Lines from the top of the entries through the line that has "(* X(i -> j) for i <= j *)" must be duplicated exactly, and no others.

> _Stored data_:
- - -

(* nat-indexed access (default values outside the range are irrelevant) *)
Definition obn (X : simplex) (k : nat) : Ob C :=
  if (insub k : option 'I_(sq X).+1) is Some i then sob X i else sob X ord0.
Definition stn (X : simplex) (k : nat) : Arr C :=
  if (insub k : option 'I_(sq X)) is Some i then sst X i else idC (obn X k).

Fixpoint homn (X : simplex) (i n : nat) : Arr C :=
  match n with
  | 0 => idC (obn X i)
  | n'.+1 => comp (stn X (i + n')) (homn X i n')
  end.

(* X(i -> j) for i <= j *)
Definition hom (X : simplex) (i j : nat) : Arr C := homn X i (j - i).

Definition smap (X Y : simplex) := {ffun 'I_(sq X).+1 -> 'I_(sq Y).+1}.

Definition monotone m n (h : 'I_m -> 'I_n) : Prop :=
  forall i j : 'I_m, i <= j -> h i <= h j.

(* xi is a morphism X -> Y of Delta/C : order preserving with Y o xi = X *)
Definition is_mor (X Y : simplex) (xi : smap X Y) : Prop :=
  monotone xi /\
  (forall i, sob Y (xi i) = sob X i) /\
  (forall i j : 'I_(sq X).+1, i <= j -> hom Y (xi i) (xi j) = hom X i j).

Definition mcomp (X Y Z : simplex) (eta : smap Y Z) (xi : smap X Y) : smap X Z :=
  [ffun i => eta (xi i)].

(* X o s, for s : [q+1] -> [q] *)
Definition precomp (X : simplex) (s : {ffun 'I_(sq X).+2 -> 'I_(sq X).+1}) :
  simplex :=
  @Simplex (sq X).+1 (fun i => sob X (s i))
    (fun i : 'I_(sq X).+1 =>
       hom X (s (widen_ord (leqnSn _) i)) (s (lift ord0 i))).

Arguments precomp : clear implicits.

(* The equivalence relation ~ on morphisms of Delta/C: the smallest
   equivalence relation on parallel morphisms, compatible with composition,
   containing all elementary equivalent pairs. *)
Inductive sim : forall X Y : simplex, smap X Y -> smap X Y -> Prop :=
| sim_elem (X : simplex) (s : {ffun 'I_(sq X).+2 -> 'I_(sq X).+1})
    (d d' : smap X (precomp X s)) :
    is_simplex X -> monotone s -> (forall j, exists i, s i = j) ->
    monotone d -> monotone d' ->
    (forall j, s (d j) = j) -> (forall j, s (d' j) = j) ->
    sim d d'
| sim_refl (X Y : simplex) (xi : smap X Y) :
    is_simplex X -> is_simplex Y -> is_mor xi -> sim xi xi
| sim_sym (X Y : simplex) (xi xi' : smap X Y) : sim xi xi' -> sim xi' xi
| sim_trans (X Y : simplex) (xi xi' xi'' : smap X Y) :
    sim xi xi' -> sim xi' xi'' -> sim xi xi''
| sim_comp (X Y Z : simplex) (xi xi' : smap X Y) (eta eta' : smap Y Z) :
    sim xi xi' -> sim eta eta' -> sim (mcomp eta xi) (mcomp eta' xi').

Definition sup (X Y : simplex) (xi : smap X Y) : Arr C :=
  hom Y (xi ord_max) (sq Y).

Definition fib_obj (T : Ob C) (X : simplex) (f : Arr C) : Prop :=
  is_simplex X /\ dom f = sob X ord_max /\ cod f = T.

Definition fib_mor (T : Ob C) (X : simplex) (f : Arr C) (Y : simplex)
  (g : Arr C) (xi : smap X Y) : Prop :=
  is_mor xi /\ comp g (sup xi) = f.

(* r(X,f) = X_0 -> ... -> X_q -f-> T *)
Definition rsimp (T : Ob C) (X : simplex) (f : Arr C) : simplex :=
  @Simplex (sq X).+1
    (fun i : 'I_(sq X).+2 => if (i <= sq X)%N then obn X i else T)
    (fun i : 'I_(sq X).+1 => if (i < sq X)%N then stn X i else f).

Definition rmap (T : Ob C) (X : simplex) (f : Arr C) (Y : simplex) (g : Arr C)
  (xi : smap X Y) : smap (rsimp T X f) (rsimp T Y g) :=
  [ffun j : 'I_(sq X).+2 =>
     if (insub (val j) : option 'I_(sq X).+1) is Some j'
     then widen_ord (leqnSn _) (xi j') else ord_max].

End Nerve.
Arguments fib_mor {C} T X f Y g xi.
Arguments fib_obj {C} T X f.

From mathcomp Require Import all_boot zify.
From Stdlib Require Import FunctionalExtensionality.
Set Implicit Arguments. Unset Strict Implicit. Unset Printing Implicit Defensive.

(* Induct on the derivation of [xi ~ xi'], carrying along that equivalent
   morphisms have the same [sup], so the fibre condition [g o sup xi = f]
   holds at every node of the derivation.  Composition lifts because [r] is
   functorial: [r(eta o xi) = r(eta) o r(xi)], the middle object of the fibre
   being [(Y, g o sup eta)].  For an elementary pair [d, d' : X -> X o s] we
   have [sup d = id], hence [f = g], and [r(X o s, f) = r(X, f) o r(s)] with
   [r(s)] again a monotone surjection split by [r(d)] and [r(d')]. *)

Lemma ord_top_val n (i : 'I_n.+1) : n <= i -> i = n :> nat.
Proof. by move=> le; apply/eqP; rewrite eqn_leq le -ltnS ltn_ord. Qed.

Section Nerve.
Variable C : category.
Implicit Types X Y Z : simplex C.

Lemma obnE X (i : 'I_(sq X).+1) : obn X i = @sob _ X i.
Proof. by rewrite /obn valK. Qed.

Lemma stnE X (i : 'I_(sq X)) : stn X i = @sst _ X i.
Proof. by rewrite /stn valK. Qed.

Section Composites.
Variable X : simplex C.
Hypothesis HX : is_simplex X.

Lemma stn_ends k : k < sq X ->
  dom (stn X k) = obn X k /\ cod (stn X k) = obn X k.+1.
Proof.
move=> lt; have [D1 D2] := HX (Ordinal lt).
by rewrite -[k]/(val (Ordinal lt)) stnE D1 D2 -!obnE.
Qed.

Lemma homn_ends i n : i + n <= sq X ->
  dom (homn X i n) = obn X i /\ cod (homn X i n) = obn X (i + n).
Proof.
elim: n => [|n IH]; first by rewrite dom_id cod_id addn0.
rewrite addnS => lt /=.
have [D1 D2] := IH (ltnW lt); have [S1 S2] := stn_ends lt.
by rewrite dom_comp ?cod_comp ?S2 // D2 S1.
Qed.

Lemma homnD i m n : i + m + n <= sq X ->
  homn X i (m + n) = comp (homn X (i + m) n) (homn X i m).
Proof.
elim: n => [|n IH] /=.
  by rewrite !addn0 => le; have [_ <-] := homn_ends le; rewrite comp_id_l.
rewrite addnS => le; have le' := ltnW le.
have [_ D2] := homn_ends (leq_trans (leq_addr n _) le' : i + m <= sq X).
have [E1 E2] := homn_ends le'.
have [S1 _] := stn_ends le.
by rewrite addnS /= IH // addnA comp_assoc ?D2 ?E1 ?E2 ?S1.
Qed.

Lemma hom_ends i j : i <= j -> j <= sq X ->
  dom (hom X i j) = obn X i /\ cod (hom X i j) = obn X j.
Proof. by move=> le lej; have := @homn_ends i (j - i); rewrite subnKC //; apply. Qed.

Lemma hom_comp i j k : i <= j -> j <= k -> k <= sq X ->
  hom X i k = comp (hom X j k) (hom X i j).
Proof.
move=> le1 le2 le3; rewrite /hom.
have -> : k - i = (j - i) + (k - j) by lia.
by rewrite homnD subnKC // subnKC.
Qed.

End Composites.

Lemma hom_refl X i : hom X i i = idC (obn X i).
Proof. by rewrite /hom subnn. Qed.

Lemma simplexP n (a a' : 'I_n.+1 -> Ob C) (b b' : 'I_n -> Arr C) :
  a =1 a' -> b =1 b' -> Simplex a b = Simplex a' b'.
Proof.
by move=> /functional_extensionality -> /functional_extensionality ->.
Qed.

Section Precomposition.
Variables (X : simplex C) (s : {ffun 'I_(sq X).+2 -> 'I_(sq X).+1}).
Hypotheses (HX : is_simplex X) (s_mono : monotone s).

Lemma precomp_obn k : k <= (sq X).+1 -> obn (precomp s) k = obn X (s (inord k)).
Proof.
by move=> le; rewrite -{1}(inordK (le : k < (sq X).+2)) (@obnE (precomp s)) obnE.
Qed.

Lemma precomp_stn k : k <= sq X ->
  stn (precomp s) k = hom X (s (inord k)) (s (inord k.+1)).
Proof.
move=> le; rewrite -{1}(inordK (le : k < (sq X).+1)) (@stnE (precomp s)) /=.
by congr (hom X (s _) (s _)); apply: val_inj; rewrite /= ?/bump /= !inordK //; lia.
Qed.

Lemma precomp_homn i n : i + n <= (sq X).+1 ->
  homn (precomp s) i n = hom X (s (inord i)) (s (inord (i + n))).
Proof.
have s_inord j k : j <= k -> k <= (sq X).+1 -> s (inord j) <= s (inord k).
  by move=> le lek; apply: s_mono; rewrite !inordK //; lia.
elim: n => [|n IH]; first by rewrite addn0 => le /=; rewrite hom_refl precomp_obn.
rewrite addnS => le /=.
rewrite IH ?precomp_stn; try lia.
rewrite -(hom_comp HX (i := s (inord i))) ?s_inord //; try lia.
by rewrite -ltnS.
Qed.

Lemma precomp_hom i j : i <= j -> j <= (sq X).+1 ->
  hom (precomp s) i j = hom X (s (inord i)) (s (inord j)).
Proof. by move=> le lej; rewrite /hom precomp_homn subnKC //; lia. Qed.

Lemma precomp_simplex : is_simplex (precomp s).
Proof.
move=> i /=.
have le : s (widen_ord (leqnSn _) i) <= s (lift ord0 i).
  by apply: s_mono; rewrite /= /bump /=; lia.
have [D1 D2] := hom_ends HX le (ltnSE (ltn_ord _)).
by rewrite D1 D2 !obnE.
Qed.

End Precomposition.

Section Cone.
Variables (T : Ob C) (X : simplex C) (f : Arr C).
Local Notation R := (rsimp T X f).

Lemma rsimp_sob (i : 'I_(sq R).+1) :
  @sob _ R i = if (i : nat) <= sq X then obn X i else T.
Proof. by []. Qed.

Lemma rsimp_obn k : k <= sq X -> obn R k = obn X k.
Proof.
move=> le; have lt : k < (sq X).+2 := leqW le.
by rewrite -{1}(inordK lt) (@obnE R) /= (inordK lt) le.
Qed.

Lemma rsimp_obn_top : obn R (sq X).+1 = T.
Proof. by have := @obnE R ord_max; rewrite /= ltnn. Qed.

Lemma rsimp_stn k : k < sq X -> stn R k = stn X k.
Proof.
move=> lt; have lt' : k < (sq X).+1 := ltnW lt.
by rewrite -{1}(inordK lt') (@stnE R) /= (inordK lt') lt.
Qed.

Lemma rsimp_stn_top : stn R (sq X) = f.
Proof. by have := @stnE R ord_max; rewrite /= ltnn. Qed.

Lemma rsimp_homn i n : i + n <= sq X -> homn R i n = homn X i n.
Proof.
elim: n => [|n IH] le /=; first by rewrite rsimp_obn //; lia.
by rewrite IH ?rsimp_stn //; lia.
Qed.

Lemma rsimp_hom i j : i <= j -> j <= sq X -> hom R i j = hom X i j.
Proof. by move=> le lej; rewrite /hom rsimp_homn // subnKC. Qed.

Lemma rsimp_hom_top i : i <= sq X -> hom R i (sq X).+1 = comp f (hom X i (sq X)).
Proof.
by move=> le; rewrite /hom subSn //= subnKC // rsimp_stn_top rsimp_homn ?subnKC.
Qed.

Lemma rsimp_hom_top_top : hom R (sq X).+1 (sq X).+1 = idC T.
Proof. by rewrite hom_refl rsimp_obn_top. Qed.

Lemma rsimp_simplex : is_simplex X -> dom f = @sob _ X ord_max -> cod f = T ->
  is_simplex R.
Proof.
move=> HX Df Cf i /=; case: (ltnP i (sq X)) => lt.
  by have [D1 D2] := stn_ends HX lt; rewrite (ltnW lt) D1 D2.
by rewrite ord_top_val // leqnn Df Cf -(@obnE X ord_max).
Qed.

End Cone.

Section Morphisms.
Variables X Y Z : simplex C.

Lemma sup_ends (xi : smap X Y) : is_simplex Y -> is_mor xi ->
  dom (sup xi) = @sob _ X ord_max /\ cod (sup xi) = @sob _ Y ord_max.
Proof.
move=> HY [_ [xi_sob _]].
have [D1 D2] := hom_ends HY (leq_ord (xi ord_max)) (leqnn _).
by rewrite /sup D1 D2 obnE xi_sob -(@obnE Y ord_max).
Qed.

Lemma hom_sup (xi : smap X Y) (i : 'I_(sq X).+1) : is_simplex Y -> is_mor xi ->
  hom Y (xi i) (sq Y) = comp (sup xi) (hom X i (sq X)).
Proof.
move=> HY [xi_mono [_ xi_hom]].
rewrite (hom_comp HY (j := xi ord_max)) ?xi_mono ?leq_ord //.
by rewrite (xi_hom i ord_max) ?leq_ord.
Qed.

Lemma mor_mcomp (xi : smap X Y) (eta : smap Y Z) :
  is_mor xi -> is_mor eta -> is_mor (mcomp eta xi).
Proof.
move=> [xi_mono [xi_sob xi_hom]] [eta_mono [eta_sob eta_hom]].
split; [|split] => [i j le|i|i j le]; rewrite !ffunE.
- exact/eta_mono/xi_mono.
- by rewrite eta_sob.
- by rewrite eta_hom ?xi_hom ?xi_mono.
Qed.

Lemma sup_mcomp (xi : smap X Y) (eta : smap Y Z) :
  is_simplex Z -> is_mor xi -> is_mor eta ->
  sup (mcomp eta xi) = comp (sup eta) (sup xi).
Proof.
move=> HZ [xi_mono _] [eta_mono [_ eta_hom]].
rewrite /sup ffunE (hom_comp HZ (j := eta ord_max)) ?eta_hom ?eta_mono ?leq_ord //.
Qed.

End Morphisms.

Section ConeMorphisms.
Variables (T : Ob C) (X Y : simplex C) (f g : Arr C).

Lemma rmapE (xi : smap X Y) (j : 'I_(sq (rsimp T X f)).+1) :
  nat_of_ord (rmap T f g xi j) =
    if j <= sq X then nat_of_ord (xi (inord j)) else (sq Y).+1.
Proof.
rewrite /rmap ffunE; case: insubP => [j' le E | nle] /=.
  by rewrite ifT //; congr (nat_of_ord (xi _)); apply: val_inj; rewrite /= E inordK.
by rewrite ifF //; apply: negbTE.
Qed.

Lemma rmap_monotone (xi : smap X Y) : monotone xi -> monotone (rmap T f g xi).
Proof.
move=> xi_mono i j le; rewrite !rmapE.
case: ifP => hi; case: ifP => hj //.
- by apply: xi_mono; rewrite !inordK.
- exact: ltnW.
- by move: (leq_trans le hj); rewrite hi.
Qed.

- - -

> _SOLVED PROBLEM_:
(* nat-indexed access (default values outside the range are irrelevant) *)
Definition obn (X : simplex) (k : nat) : Ob C :=
  if (insub k : option 'I_(sq X).+1) is Some i then sob X i else sob X ord0.
Definition stn (X : simplex) (k : nat) : Arr C :=
  if (insub k : option 'I_(sq X)) is Some i then sst X i else idC (obn X k).

Fixpoint homn (X : simplex) (i n : nat) : Arr C :=
  match n with
  | 0 => idC (obn X i)
  | n'.+1 => comp (stn X (i + n')) (homn X i n')
  end.

(* X(i -> j) for i <= j *)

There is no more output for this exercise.